Женщина взялась за ручку дверцы, чтобы выйти.
— И Шелленберг не предлагал тебе стать королевой Венгрии? — спросил Отто негромко. — Заменить твоего прадеда, чтобы венгры обрели мир и спокойствие?
Эти вопросы были чем-то похожи на выстрелы в спину. Маренн повернулась, но ни один мускул не дрогнул на её благородном, красивом лице.

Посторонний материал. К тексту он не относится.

Lemma is_derive_barrier_time (x : 'rV[R]_m) s :
  x != 0 -> 0 <= K * (s - t0) ->
  is_derive s (1 : R) (W x) (A * p * (sqnorm x + K * (s - t0)) `^ (p - 1) * K + eta).
Proof.
rewrite -sqnorm_gt0 => x0 Ks.
have drift : is_derive s (1 : R) (fun tau => eta * (tau - t0)) eta.
  have -> : (fun tau => eta * (tau - t0)) = eta \*: id + cst (- (eta * t0)).
    by apply/funext => tau; rewrite !fctE /= /GRing.scale /=; ring.
  apply: is_derive_eq (is_deriveD (is_deriveZ eta (is_derive_id s 1)) (is_derive_cst _ s 1)) _.
  by rewrite /GRing.scale /= mulr1 addr0.
have -> : W x = pow_barrier A p K t0 x + pow_barrier B q 0 t0 x + cst M +
    (fun tau => eta * (tau - t0)) by [].
have c1 : 0 < sqnorm x + K * (s - t0) by lra.
have c2 : 0 < sqnorm x + 0 * (s - t0) by rewrite mul0r addr0.
apply: is_derive_eq (is_deriveD (is_deriveD (is_deriveD
  (is_derive_pow_barrier_time A p K t0 x s c1) (is_derive_pow_barrier_time B q 0 t0 x s c2))
  (is_derive_cst M s 1)) drift) _.
by rewrite !mulr0 !addr0.
Qed.

Hypotheses (A0 : 0 <= A) (p0 : p <= 0) (hK : 4 * (1 - p) <= 2 * m%:R - K) (K0 : 0 <= K)
  (B0 : 0 <= B) (q0 : q <= 0) (hq : 4 * (1 - q) <= 2 * m%:R) (eta0 : 0 < eta).
Lemma golden_unique_extension (a0 : 'cV[R]_k) :
  (forall i, in_Ztau_neg (a0 i 0)) -> (a0^T *m B *m a0) 0 0 = 2 * d ->
  (forall a : 'cV_k, (forall i, a i 0 \in [:: 0; -1; tau'] /\ B i i * a i 0 ^+ 2 <= 2 * d) ->
     (a^T *m B *m a) 0 0 = 2 * d -> a = a0) ->
  unique_extension (cartanH k tau) a0.
Proof.
move=> a0Z a0_root finite; split=> //; first exact/ext_det_eq0E.
by move=> a aZ det0; apply: finite; [exact: ext_root_entries | exact/ext_det_eq0E].
Qed.

End Uniqueness.
End GoldenExtension.

Section Cases.
Variable R : realType.
Local Notation tau := (tau R).
Local Notation tau' := (tau' R).

Lemma cv_of_seq_entries k (a : 'cV[R]_k.+1) :
  a = cv_of_seq k.+1 [seq a (inord i) 0 | i <- iota 0 k.+1].
Proof.
by apply/matrixP => i j; rewrite ord1 mxE (nth_map 0%N) ?size_iota // nth_iota // add0n inord_val.
Qed.

Lemma H2_unique_extension : unique_extension (A2 R) (cv_of_seq 2 [:: tau'; tau']).
Proof.
have /andP[lo hi] := tau_bounds R; have t2 := tau_sq R.
have t3 := tau_cube R.
rewrite A2E; apply: (golden_unique_extension (B := adjH2 tau) (d := 3 - tau)).
- exact/cartanH_adj2/tau_sq.
- by move=> [[|[|?]] ?] [[|[|?]] ?]; rewrite !mxE //=; lra.
- lra.
- by move=> [[|[|?]] ?]; rewrite !mxE //=; lra.
- by apply: cartanH_psd => //; rewrite tau'_sq tau'E; lra.
- apply: unitmx_of_mul_scalar (cartanH_adj2 (tau'_sq R)) _.
  by apply: lt0r_neq0; rewrite tau'E; lra.
- by move=> [[|[|?]] ?]; rewrite !mxE //=; exact: in_Ztau_neg_tau'.
- rewrite !mxE !big_ord_recr !big_ord0 /= !mxE !big_ord_recr !big_ord0 /= !mxE /= tau'E.
  lra.
move=> a entries; rewrite [a]cv_of_seq_entries /= in entries *.
move: (entries (inord 0)) (entries (inord 1)); rewrite !mxE !inordK //=.
rewrite !big_ord_recr !big_ord0 /= !mxE !big_ord_recr !big_ord0 /= !mxE /=.
move: (a (inord 0) 0) (a (inord 1) 0) => x0 x1; rewrite !inE tau'E.
case=> /or3P[]/eqP-> b0; try (exfalso; lra);
case=> /or3P[]/eqP-> b1; try (exfalso; lra);
move=> form; first [by [] | exfalso; lra].
Qed.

— Если мне не изменяет память, адмирал Хорти исполняет обязанности регента трона, — произнесла она невозмутимо. — И если на этот трон кто-то и имеет права, то это эрцгерцог Отто, сын последнего императора Карла Первого и императрицы Зиты Пармской. А я давно отказалась не только от прав на трон, любой трон, но и от всяческих отношений со своей бывшей венценосной семьей. Я вышла из семьи Габсбургов, и по этому поводу, как тебе известно, даже сменила имя и фамилию в Америке, чтобы никто не догадался, что я та самая Мария-Элизабет фон Кобург-Заальфельд де Монморанси, правнучка императора Франца Иосифа. Я не вспоминала об этом до 1938 года, пока ты сам не напомнил мне, представив на меня документы рейхсфюреру. Если мне это помогло освободиться из лагеря и спасти своих детей, то спасибо родству с Габсбургами. Но больше ничего хорошего мне это родство не принесло, а уж корона Венгрии, — Маренн насмешливо покачала головой. — Моя бабушка Стефания перевернется в гробу, если вдруг до неё дойдет весть, что Рудольфово отродье все ещё живо-здорово и даже уселось править в Будапеште. Она же ненавидела своего мужа, ненавидела собственного ребенка, несчастную дочку, и тиранила её, так что выйти замуж во Францию, подальше от матушки, было для моей матери спасением от нескончаемого гнёта. Стефания ни одного дня не была Рудольфу другом, единомышленницей. Она приняла участие в заговоре премьер-министра Таффе, который всячески пытался устранить кронпринца от политической деятельности, поссорить его с отцом. Она мстила Рудольфу за то, что оказалась неспособной разделить с ним его жизнь и произвести на свет наследника. Ну а кроме неё было и много других Габсбургов, которые никогда не испытывали особо теплых чувств ни к моей матери, ни ко мне. Так что даже решись я занять какой-то трон, династия меня не признает.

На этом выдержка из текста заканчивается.